[Start of Attachment]
Lemma hamel_ordered_vs : ordered_vs lt0.
Proof. by case: hamel => -[]. Qed.
Let ovs0 := hamel_ordered_vs.

Lemma v_eq_None x : v x = None <-> x = 0.
Proof. by case: hamel => -[]. Qed.

Lemma v0 : v 0 = None.
Proof. exact/v_eq_None. Qed.

Lemma v_ultrametric x y :
  ext_le lt0 (v x) (v (x + y)) \/ ext_le lt0 (v y) (v (x + y)).
Proof. by case: hamel => -[]. Qed.

Lemma v_scale (c : C) x : c != 0 -> v (c *: x) = v x.
Proof. by case: hamel => -[] _ _ _ _ h _; apply: h. Qed.

Lemma v_idem x : ext_v v (v x) = v x.
Proof. by case: hamel => _ []. Qed.

Lemma v_opp x : v (- x) = v x.
Proof. by rewrite -scaleN1r v_scale // oppr_eq0 oner_eq0. Qed.

Lemma v_addr_lt x y : ext_lt lt0 (v x) (v y) -> v (x + y) = v x.
Proof.
move=> vx_lt_vy; apply: (ext_le_anti ovs0).
  have := v_ultrametric (x + y) (- y); rewrite addrK v_opp.
  by case=> // /(ext_leNlt ovs0).
case: (v_ultrametric x y) => // vy_le.
exact: (ext_le_trans ovs0 (or_introl vx_lt_vy) vy_le).
Qed.

Definition vfix (h : G) := v h = Some h.

Lemma vfix_lincomb (s : seq G) (c : 'I_(size s) -> C) :
  uniq s -> (forall x, x \in s -> vfix x) ->
  (forall i, c i = 0) \/
  exists2 h, h \in s & v (\sum_(i < size s) c i *: s`_i) = Some h.
Proof.
elim: s c => [c _ _|x s IH c /= /andP[x_notin_s uniq_s] fix_s]; first by left; case.
have fix_x : v x = Some x := fix_s x (mem_head x s).
have vcx : c ord0 != 0 -> v (c ord0 *: x) = Some x by move=> c0; rewrite v_scale.
rewrite big_ord_recl /=; under eq_bigr do rewrite add0n.
have fix_tail y : y \in s -> vfix y.
  by move=> y_in; apply: fix_s; rewrite in_cons y_in orbT.
have [tail0|[h h_in vh]] := IH (fun i => c (lift ord0 i)) uniq_s fix_tail.
  rewrite big1 ?addr0 => [|i _]; last by rewrite tail0 scale0r.
  have [c0|c0] := eqVneq (c ord0) 0; last by right; exists x; rewrite ?mem_head ?vcx.
  by left => i; case: (unliftP ord0 i) => [j ->|->].
have h_in' : h \in x :: s by rewrite in_cons h_in orbT.
have [c0|c0] := eqVneq (c ord0) 0.
  by right; exists h; rewrite // c0 scale0r add0r.
have x_h : x <> h by move=> x_h; rewrite x_h h_in in x_notin_s.
right; case: (ovs_total ovs0 x_h) => [x_lt_h|h_lt_x].
  by exists x; rewrite ?mem_head // v_addr_lt vcx // vh.
by exists h; rewrite // addrC v_addr_lt vh // vcx.
Qed.

Lemma vfix_lin_indep : lin_indep vfix.
Proof.
move=> s c uniq_s fix_s sum0; case: (vfix_lincomb c uniq_s fix_s) => // -[h _].
by rewrite sum0 v0.
Qed.

Lemma vfix_dense : dense_val lt0 v -> dense_in lt0 vfix.
Proof.
move=> dense a b ab; have [c []] := dense a b ab.
case vc: (v c) => [h|] //= ah hb; exists h; split=> //.
by rewrite /vfix -vc -[in RHS]v_idem vc.
Qed.

Definition val_ge (h0 x : G) := ext_le lt0 (Some h0) (v x).

Lemma val_ge_subspace h0 : subspace (val_ge h0).
Proof.
split=> [|x y hx hy|a x hx]; first by left; rewrite v0.
  by case: (v_ultrametric x y); apply: ext_le_trans.
have [->|a0] := eqVneq a 0; last by rewrite /val_ge v_scale.
by rewrite scale0r; left; rewrite v0.
Qed.

Lemma val_ge_proper h0 : dense_val lt0 v -> (exists x : G, x <> 0) ->
  exists x, ~ val_ge h0 x.
Proof.
move=> dense [y y0].
have [q q_gt0] : exists q, lt0 0 q.
  by case: (ovs_gt0_or_opp ovs0 y0) => ?; [exists y | exists (- y)].
have h0q_h0 : lt0 (h0 - q) h0.
  by rewrite -(ovs_subr_gt0 ovs0) opprB addrC subrK.
have [c [_ vc_h0]] := dense _ _ h0q_h0.
by exists c; rewrite /val_ge (ext_leNlt ovs0).
Qed.

Lemma vfix_definable : ham_definable lt0 lt1 v (in_G vfix).
Proof.
exists (HAnd (HEq (HVal (HVar C 0)) (HVar C 0)) (HNot (HEq (HVar C 0) (HInf C)))).
exists (fun _ => None) => -[h|] /=; rewrite /upd /=.
  by split=> [fix_h|[]].
by split=> // -[_ []].
Qed.

Lemma val_ge_definable h0 : ham_definable lt0 lt1 v (in_G (val_ge h0)).
Proof.
exists (HAnd (HNot (HLt0 (HVal (HVar C 0)) (HVar C 1)))
             (HNot (HEq (HVar C 0) (HInf C)))).
exists (fun m => if m == 1%N then Some h0 else None) => -[x|] /=; rewrite /upd /=.
  by rewrite /val_ge (ext_leNlt ovs0); split=> [|[]].
by split=> // -[_ []].
Qed.

End Valuation.

Theorem corollary6p1 (C : realFieldType) (G : lmodType C)
    (lt0 lt1 : G -> G -> Prop) (v : G -> option G) :
  ham_model lt0 lt1 v ->
  (exists x : G, x <> 0) ->
  (exists H : G -> Prop,
      [/\ ham_definable lt0 lt1 v (in_G H), lin_indep H & dense_in lt0 H]) /\
  (exists S : G -> Prop,
      [/\ ham_definable lt0 lt1 v (in_G S), (exists x : G, ~ S x)
        & elem_substructure lt0 S]).
Proof.
move=> [hamel _ dense] nontrivial; split.
  exists (vfix v); split; first exact: vfix_definable.
    exact: vfix_lin_indep hamel.
  exact: vfix_dense hamel dense.
have [y y0] := nontrivial.
have [h0 vy] : exists h0, v y = Some h0.
  by case vy: (v y) => [h|]; [exists h | case: y0; apply/(v_eq_None hamel)].
exists (val_ge lt0 v h0); split.
- exact: val_ge_definable hamel h0.
- exact: val_ge_proper hamel h0 dense nontrivial.
- apply: subspace_elem_substructure (val_ge_subspace hamel h0) _.
    exact: hamel_ordered_vs hamel.
  by exists y => //; rewrite /val_ge vy; right.
Qed.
[End of Attachment]
-- WORK TO COMPLETE --
Which of the lines above include the word "nontrivial"? List those lines.

-- SOLUTION FOR THIS PROBLEM --
move=> [hamel _ dense] nontrivial; split.
have [y y0] := nontrivial.
- exact: val_ge_proper hamel h0 dense nontrivial.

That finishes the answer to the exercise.